LeetCode in Kotlin

2850. Minimum Moves to Spread Stones Over Grid

Medium

You are given a 0-indexed 2D integer matrix grid of size 3 * 3, representing the number of stones in each cell. The grid contains exactly 9 stones, and there can be multiple stones in a single cell.

In one move, you can move a single stone from its current cell to any other cell if the two cells share a side.

Return the minimum number of moves required to place one stone in each cell.

Example 1:

Input: grid = [[1,1,0],[1,1,1],[1,2,1]]

Output: 3

Explanation: One possible sequence of moves to place one stone in each cell is:

1- Move one stone from cell (2,1) to cell (2,2).

2- Move one stone from cell (2,2) to cell (1,2).

3- Move one stone from cell (1,2) to cell (0,2).

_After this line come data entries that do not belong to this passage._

Definition trig_eval (N : nat) (a b : nat -> R) (z : C) : C :=
  sum_n (fun j => Cplus (Cmult (RtoC (a j)) (ccos (Cmult (RtoC (INR j)) z)))
                        (Cmult (RtoC (b j)) (csin (Cmult (RtoC (INR j)) z)))) N.

Definition is_trig_deg (a b : nat -> R) (k : nat) : Prop :=
  (a k <> 0 \/ b k <> 0) /\ (forall j, (k < j)%nat -> a j = 0 /\ b j = 0).

Definition CRInt (f : R -> C) (lo hi : R) : C :=
  (RInt (fun x => Re (f x)) lo hi, RInt (fun x => Im (f x)) lo hi).

(* The function g = r^n is holomorphic off the real axis, since all zeros of t are real, it is
   2π-periodic, and it tends to 0 uniformly as |Im z| → ∞ because deg s < deg t. By the
   Cauchy-Riemann equations, d/dη ∫_0^{2π} g(φ + iη) dφ = i ∫_0^{2π} g'(φ + iη) dφ = i [g]_0^{2π} = 0,
   so this integral is constant for η > 0 and for η < 0, and letting |η| → ∞ shows that both
   constants vanish. Hence both one-sided boundary integrals of r^n are 0, and so is their mean. *)

From Stdlib Require Import Reals Lra Lia.
From Coquelicot Require Import Coquelicot.
Open Scope R_scope.

(** * Complex differentiability *)

Definition is_Cderive (f : C -> C) (z l : C) : Prop :=
  @is_derive C_AbsRing (AbsRing_NormedModule C_AbsRing) f z l.

Lemma is_Cderive_approx f z l : is_Cderive f z l ->
  forall eps, 0 < eps -> exists d, 0 < d /\ forall w, Cmod (Cminus w z) < d ->
    Cmod (Cminus (Cminus (f w) (f z)) (Cmult (Cminus w z) l)) <= eps * Cmod (Cminus w z).
Proof.
  intros [_ H] eps Heps.
  destruct (H z (fun P HP => HP) (mkposreal eps Heps)) as [d Hd].
  exists d; split; [apply cond_pos | intros w Hw; apply Hd, Hw].
Qed.

Lemma is_Cderive_of_approx f z l :
  (forall eps, 0 < eps -> exists d, 0 < d /\ forall w, Cmod (Cminus w z) < d ->
    Cmod (Cminus (Cminus (f w) (f z)) (Cmult (Cminus w z) l)) <= eps * Cmod (Cminus w z)) ->
  is_Cderive f z l.
Proof.
  intros H. split; [apply (@is_linear_scal_l C_AbsRing (AbsRing_NormedModule C_AbsRing)) |].
  intros x Hx.
  apply (@is_filter_lim_locally_unique C_AbsRing (AbsRing_NormedModule C_AbsRing)) in Hx. subst x.
  intros [eps Heps]. destruct (H eps Heps) as [d [Hd Hw]].
  exists (mkposreal d Hd). intros w Hb. apply Hw, Hb.
Qed.

Lemma is_Cderive_continuous f z l : is_Cderive f z l ->
  forall eps, 0 < eps -> exists d, 0 < d /\
    forall w, Cmod (Cminus w z) < d -> Cmod (Cminus (f w) (f z)) < eps.
Proof.
  intros H eps Heps.
  assert (Hc := @ex_derive_continuous C_AbsRing (AbsRing_NormedModule C_AbsRing) f z (ex_intro _ l H)).
  destruct (Hc _ (@locally_ball (AbsRing_NormedModule C_AbsRing) (f z) (mkposreal eps Heps))) as [d Hd].
  exists d; split; [apply cond_pos | intros w Hw; apply (Hd w Hw)].
Qed.

Section CderiveRules.

Let K := C_AbsRing.
Let V := AbsRing_NormedModule C_AbsRing.

Lemma is_Cderive_eq f z l l' : is_Cderive f z l -> l = l' -> is_Cderive f z l'.
Proof. now intros ? <-. Qed.

Lemma is_Cderive_ext f g z l : (forall w, f w = g w) -> is_Cderive f z l -> is_Cderive g z l.
Proof. intros; eapply (@is_derive_ext K V); eauto. Qed.

Lemma is_Cderive_const c z : is_Cderive (fun _ => c) z (RtoC 0).
Proof. apply (@is_derive_const K V). Qed.

Lemma is_Cderive_id z : is_Cderive (fun w => w) z (RtoC 1).
Proof. apply (@is_derive_id K). Qed.

Lemma is_Cderive_opp f z a : is_Cderive f z a -> is_Cderive (fun w => Copp (f w)) z (Copp a).
Proof. intros; apply (@is_derive_opp K V); auto. Qed.

Lemma is_Cderive_plus f g z a b : is_Cderive f z a -> is_Cderive g z b ->
  is_Cderive (fun w => Cplus (f w) (g w)) z (Cplus a b).
Proof. intros; apply (@is_derive_plus K V); auto. Qed.

Lemma is_Cderive_mult f g z a b : is_Cderive f z a -> is_Cderive g z b ->
  is_Cderive (fun w => Cmult (f w) (g w)) z (Cplus (Cmult a (g z)) (Cmult (f z) b)).
Proof. intros; apply (@is_derive_mult K); auto using Cmult_comm. Qed.

Lemma is_Cderive_comp f g z a b : is_Cderive f (g z) a -> is_Cderive g z b ->
  is_Cderive (fun w => f (g w)) z (Cmult b a).
Proof. intros; apply (@is_derive_comp K V); auto. Qed.
Lemma Rintegral_Re_cexp_line u w a b : a < b -> w != 0 ->
  \int[lebesgue_measure]_(x in `[a, b]) complex.Re (u * cexp (x%:C * w)) =
  complex.Re (u / w * (cexp (b%:C * w) - cexp (a%:C * w))).
Proof.
move=> ab w0; rewrite mulrBr Re_sub.
apply: (Rintegral_derive (fun y => complex.Re (u / w * cexp (y%:C * w)))) => //.
- by move=> x; have := is_derive_Re_cexp_line (u / w) w x; rewrite divfK.
- exact: is_derive_continuous (is_derive_Re_cexp_line u w).
Qed.

Lemma cintegral_cexp_line u w a b : a < b -> w != 0 ->
  cintegral `[a, b] (fun x => u * cexp (x%:C * w)) =
  u / w * (cexp (b%:C * w) - cexp (a%:C * w)).
Proof.
move=> ab w0; rewrite [RHS]complexE /cintegral Rintegral_Re_cexp_line //.
congr (_ + 'i * _%:C).
transitivity (\int[lebesgue_measure]_(x in `[a, b])
    complex.Re ((- 'i * u) * cexp (x%:C * w))).
  by apply: eq_Rintegral => x _; rewrite Im_as_Re mulrA.
by rewrite Rintegral_Re_cexp_line // Im_as_Re !mulrA.
Qed.

Lemma cintegral_const u a b : a < b ->
  cintegral `[a, b] (fun=> u) = u * (b - a)%:C.
Proof.
move=> ab; rewrite /cintegral !Rintegral_cst //.
rewrite [X in fine X]lebesgue_measure_itv /= lte_fin ab /=.
by case: u => p q; simpc.
Qed.

Lemma cintegral_indicator (D A : set R) (h : R -> R[i]) : A `<=` D ->
  cintegral D (fun x => (\1_A x)%:C * h x) = cintegral A h.
Proof.
move=> AD; rewrite /cintegral -[in RHS](setIidr AD) !Rintegral_mkcondr.
by congr (_%:C + 'i * _%:C); apply: eq_Rintegral => x _;
  rewrite ?Re_realM ?Im_realM patchE indicE; case: (x \in A); rewrite ?mul1r ?mul0r.
Qed.

Lemma cintegral_indicator_fourier (D : set R) a b k (z : R[i]) :
  `[a, b] `<=` D -> a < b ->
  cintegral D (fun xi => (k * \1_`[a, b] xi)%:C * cexp (2%:R * pi%:C * 'i * xi%:C * z)) =
  (k * (b - a))%:C * (sinc ((b - a)%:C * z) * cexp (pi%:C * 'i * (a + b)%:C * z)).
Proof.
move=> abD ab.
rewrite (_ : (fun xi => _) = fun xi =>
    (\1_`[a, b] xi)%:C * (k%:C * cexp (xi%:C * (2%:R * pi%:C * 'i * z)))); last first.
  apply: funext => xi; rewrite rmorphM /=.
  have -> : 2%:R * pi%:C * 'i * xi%:C * z = xi%:C * (2%:R * pi%:C * 'i * z) by ring.
  ring.
rewrite (@cintegral_indicator D _
  (fun xi => k%:C * cexp (xi%:C * (2%:R * pi%:C * 'i * z)))) //.
have [->|z0] := eqVneq z 0.
  rewrite !mulr0 /sinc eqxx mul1r (cexp0 R) mulr1.
  rewrite (_ : (fun _ => _) = fun=> k%:C) ?cintegral_const ?rmorphM //.
  by apply: funext => x; rewrite mulr0 (cexp0 R) mulr1.
set w := 2%:R * pi%:C * 'i * z.
have w0 : w != 0 by rewrite /w !mulf_neq0 ?Ci_neq0 ?Cpi_neq0 // pnatr_eq0.
have ba : (b - a)%:C != 0 :> R[i] by rewrite Creal_eq0 subr_eq0 gt_eqF.
rewrite cintegral_cexp_line // sinc_modulation // -/w rmorphM.
by field; rewrite w0 -rmorphB ba.
Qed.

Lemma L2on_indicator (lo hi k : R) (A : set R) : measurable A ->
  L2on lo hi (fun x => (k * \1_A x)%:C).
Proof.
move=> mA.
have mkA : measurable_fun `[lo, hi] (fun x : R => k * \1_A x).
  exact: measurable_realfun.measurable_funM (measurable_cst k)
    (measurable_realfun.measurable_indic (D := `[lo, hi]) mA).
have finite_itv : (lebesgue_measure (`[lo, hi] : set R) < +oo)%E.
  by rewrite lebesgue_measure_itv /=; case: ifP => _; rewrite -?EFinB ?ltry.
split; [exact: mkA | split; first exact: measurable_cst].
apply: (@le_lt_trans _ _ (\int[lebesgue_measure]_(x in `[lo, hi]) (k ^+ 2)%:E)%E).
  apply: ge0_le_integral => //.
  - by move=> x _; rewrite lee_fin addr_ge0 // sqr_ge0.
  - apply/measurable_realfun.measurable_EFinP.
    rewrite (_ : (fun x => _) = fun x => (k * \1_A x) ^+ 2); last first.
      by apply: funext => x /=; rewrite expr0n /= addr0.
    exact: measurable_realfun.measurable_funX.
  - move=> x _; rewrite lee_fin /= expr0n /= addr0 indicE.
    by case: (x \in A); rewrite ?mulr1 ?mulr0 ?expr0n //= sqr_ge0.
by rewrite integral_cst //; apply: lte_mul_pinfty => //; rewrite lee_fin sqr_ge0.
Qed.

End LineIntegrals.

Section RealLine.
Variable R : realType.
Implicit Types (e th t r s x : R).

Lemma sinc_chirp_real e th t :
  sinc (e%:C * t%:C) * cexp (pi%:C * 'i * th%:C * t%:C) =
  (sincR (e * t))%:C * (cos (pi * th * t) +i* sin (pi * th * t)).
Proof.
rewrite -rmorphM sinc_real -cexp_iR; congr (_ * cexp _).
by rewrite !rmorphM; ring.
Qed.

Lemma sinc_chirpN_real e th t :
  sinc (e%:C * t%:C) * cexp (- (pi%:C * 'i * th%:C * t%:C)) =
  (sincR (e * t))%:C * (cos (pi * th * t) +i* - sin (pi * th * t)).
Proof.
rewrite -rmorphM sinc_real -cexp_iRN; congr (_ * cexp (- _)).
by rewrite !rmorphM; ring.
Qed.

(* phases half a turn apart: u * conj v is real, so it equals conj u * v *)
Lemma antiphase_product r s x :
  (r%:C * (cos x +i* sin x)) * (s%:C * (cos (x - pi) +i* sin (x - pi)))^* =
  (r%:C * (cos x +i* - sin x)) * (s%:C * (cos (x - pi) +i* - sin (x - pi)))^*.
Proof.
rewrite cosB sinB cospi sinpi; simpc.
by apply/eqP; rewrite eq_complex /=; apply/andP; split; apply/eqP; ring.
Qed.

Lemma conj_phase_eq r x : r%:C * (cos x +i* sin x) = r%:C * (cos x +i* - sin x) ->
  r * sin x = 0.
Proof. by simpc => /eqP; rewrite eq_complex /= => /andP[_ /eqP]; lra. Qed.

End RealLine.

Section SincPair.
Variables (R : realType) (B eps : R).
Hypotheses (hB : 0 < B) (heps0 : 0 < eps) (heps1 : eps < 2 * B).

Definition sinc_up (z : R[i]) : R[i] :=
  sinc (eps%:C * z) * cexp (pi%:C * 'i * (2 * B - eps)%:C * z).

Definition sinc_down (z : R[i]) : R[i] :=
  sinc (eps%:C * z) * cexp (- (pi%:C * 'i * (2 * B - eps)%:C * z)).

Let eps_neq0 : eps != 0. Proof. by rewrite gt_eqF. Qed.

Let up_window_lt : B - eps < B. Proof. by move: heps0; lra. Qed.
Let down_window_lt : - B < - B + eps. Proof. by move: heps0; lra. Qed.

Let up_window_sub : `[B - eps, B] `<=` `[- B, B].
Proof. by apply: subset_itvr; rewrite bnd_simp; move: hB heps1; lra. Qed.

Let down_window_sub : `[- B, - B + eps] `<=` `[- B, B].
Proof. by apply: subset_itvl; rewrite bnd_simp; move: hB heps1; lra. Qed.

Lemma sinc_up_fourier k z : cintegral `[- B, B] (fun xi =>
    (k * \1_`[B - eps, B] xi)%:C * cexp (2%:R * pi%:C * 'i * xi%:C * z)) =
  (k * eps)%:C * sinc_up z.
Proof.
rewrite cintegral_indicator_fourier //.
have -> : B - (B - eps) = eps by ring.
by have -> : B - eps + B = 2 * B - eps by ring.
Qed.

Lemma sinc_down_fourier k z : cintegral `[- B, B] (fun xi =>
    (k * \1_`[- B, - B + eps] xi)%:C * cexp (2%:R * pi%:C * 'i * xi%:C * z)) =
  (k * eps)%:C * sinc_down z.
Proof.
rewrite cintegral_indicator_fourier //.
have -> : - B + eps - - B = eps by ring.
have -> : - B + (- B + eps) = - (2 * B - eps) by ring.
by rewrite /sinc_down rmorphN mulrN mulNr.
Qed.

Lemma PW_sinc_up : PW B sinc_up.
Proof.
exists (fun xi => (eps^-1 * \1_`[B - eps, B] xi)%:C).
split; first exact: L2on_indicator.
by move=> z; rewrite sinc_up_fourier mulVf // mul1r.
Qed.

Lemma PW_sinc_down : PW B sinc_down.
Proof.
exists (fun xi => (eps^-1 * \1_`[- B, - B + eps] xi)%:C).
split; first exact: L2on_indicator.
by move=> z; rewrite sinc_down_fourier mulVf // mul1r.
Qed.

Lemma sinc_up_window z : sinc_up z = (eps^-1)%:C * cintegral `[- B, B]
    (fun xi => (\1_`[B - eps, B] xi)%:C * cexp (2%:R * pi%:C * 'i * xi%:C * z)).
Proof.
rewrite (_ : (fun xi => _) = fun xi =>
    (1 * \1_`[B - eps, B] xi)%:C * cexp (2%:R * pi%:C * 'i * xi%:C * z)).
  by rewrite sinc_up_fourier mul1r mulrA -rmorphM mulVf // mul1r.
by apply: funext => xi; rewrite mul1r.
Qed.

Lemma sinc_down_window z : sinc_down z = (eps^-1)%:C * cintegral `[- B, B]
    (fun xi => (\1_`[- B, - B + eps] xi)%:C * cexp (2%:R * pi%:C * 'i * xi%:C * z)).
Proof.
rewrite (_ : (fun xi => _) = fun xi =>
    (1 * \1_`[- B, - B + eps] xi)%:C * cexp (2%:R * pi%:C * 'i * xi%:C * z)).
  by rewrite sinc_down_fourier mul1r mulrA -rmorphM mulVf // mul1r.
by apply: funext => xi; rewrite mul1r.
Qed.

Let theta := pi * (2 * B - eps).

Lemma sinc_up_real t :
  sinc_up t%:C = (sincR (eps * t))%:C * (cos (theta * t) +i* sin (theta * t)).
Proof. exact: sinc_chirp_real. Qed.

Lemma sinc_down_real t :
  sinc_down t%:C = (sincR (eps * t))%:C * (cos (theta * t) +i* - sin (theta * t)).
Proof. exact: sinc_chirpN_real. Qed.

Lemma sinc_pair_modulus t : `|sinc_up t%:C| = `|sinc_down t%:C|.
Proof. by rewrite sinc_up_real sinc_down_real !normrM !normc_def /= sqrrN. Qed.

(* the shift c = 1 / (2B - eps) turns the phase by pi *)
Lemma sinc_pair_phase_products t (c := (2 * B - eps)^-1) :
  sinc_up t%:C * (sinc_up (t - c)%:C)^* = sinc_down t%:C * (sinc_down (t - c)%:C)^*.
Proof.
rewrite !sinc_up_real !sinc_down_real.
have -> : theta * (t - c) = theta * t - pi.
  by rewrite /theta /c mulrBr mulfK // gt_eqF // subr_gt0.
exact: antiphase_product.
Qed.

(* f = e^{i alpha} g forces e^{i alpha} = 1 at z = 0, so f(t) would be real,
   but Im f(t) > 0 at t = 1 / (2B) *)
Lemma sinc_pair_not_proportional :
  ~ (exists alpha : R, forall z : R[i], sinc_up z = cexp ('i * alpha%:C) * sinc_down z).
Proof.
case=> al fg.
have phase1 : cexp ('i * al%:C) = 1.
  have := fg 0%:C; rewrite sinc_up_real sinc_down_real.
  rewrite !mulr0 /sincR eqxx cos0 sin0 oppr0.
  have -> : 1%:C * (1 +i* 0) = 1 :> R[i] by simpc.
  by rewrite mulr1.
set t0 := (2 * B)^-1.
have B2 : 0 < 2 * B by rewrite mulr_gt0.
have eps_t0 : 0 < eps * t0 < 1 by rewrite mulr_gt0 ?invr_gt0 //= ltr_pdivrMr // mul1r.
have th_t0 : 0 < (2 * B - eps) * t0 < 1.
  by rewrite mulr_gt0 ?invr_gt0 ?subr_gt0 //= ltr_pdivrMr // mul1r; move: heps0; lra.
have := fg t0%:C; rewrite sinc_up_real sinc_down_real.
rewrite phase1 mul1r => /conj_phase_eq /eqP.
by rewrite mulf_eq0 gt_eqF ?sincR_gt0 // /theta -mulrA gt_eqF ?sin_pi_gt0.
Qed.

End SincPair.

Theorem mainTheorem9 (R : realType) (B eps : R)
  (hB : 0 < B) (heps0 : 0 < eps) (heps1 : eps < 2 * B) :
  let c := (2 * B - eps)^-1 in
  let f := fun z : R[i] =>
    sinc (eps%:C * z) * cexp (pi%:C * 'i * (2 * B - eps)%:C * z) in
  let g := fun z : R[i] =>
    sinc (eps%:C * z) * cexp (- (pi%:C * 'i * (2 * B - eps)%:C * z)) in
  PW B f /\ PW B g /\
      (forall z : R[i], f z = (eps^-1)%:C * cintegral `[- B, B]
          (fun xi => (\1_(`[B - eps, B]) xi)%:C * cexp (2%:R * pi%:C * 'i * xi%:C * z))) /\
      (forall z : R[i], g z = (eps^-1)%:C * cintegral `[- B, B]
          (fun xi => (\1_(`[- B, - B + eps]) xi)%:C * cexp (2%:R * pi%:C * 'i * xi%:C * z))) /\
      (forall t : R, `|f t%:C| = `|g t%:C|) /\
      (forall t : R, f t%:C * (f (t - c)%:C)^* = g t%:C * (g (t - c)%:C)^*) /\
      ~ (exists alpha : R, forall z : R[i], f z = cexp ('i * alpha%:C) * g z).
Proof.
move=> c f g.
split; first exact: PW_sinc_up.
split; first exact: PW_sinc_down.
split; first exact: sinc_up_window.
split; first exact: sinc_down_window.
split; first exact: sinc_pair_modulus.
split; first exact: sinc_pair_phase_products.
exact: sinc_pair_not_proportional.
Qed.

In total, it takes 3 moves to place one stone in each cell of the grid.

It can be shown that 3 is the minimum number of moves required to place one stone in each cell.

Example 2:

Input: grid = [[1,3,0],[1,0,0],[1,0,3]]

Output: 4

Explanation: One possible sequence of moves to place one stone in each cell is:

1- Move one stone from cell (0,1) to cell (0,2).

2- Move one stone from cell (0,1) to cell (1,1).

3- Move one stone from cell (2,2) to cell (1,2).

4- Move one stone from cell (2,2) to cell (2,1).

In total, it takes 4 moves to place one stone in each cell of the grid.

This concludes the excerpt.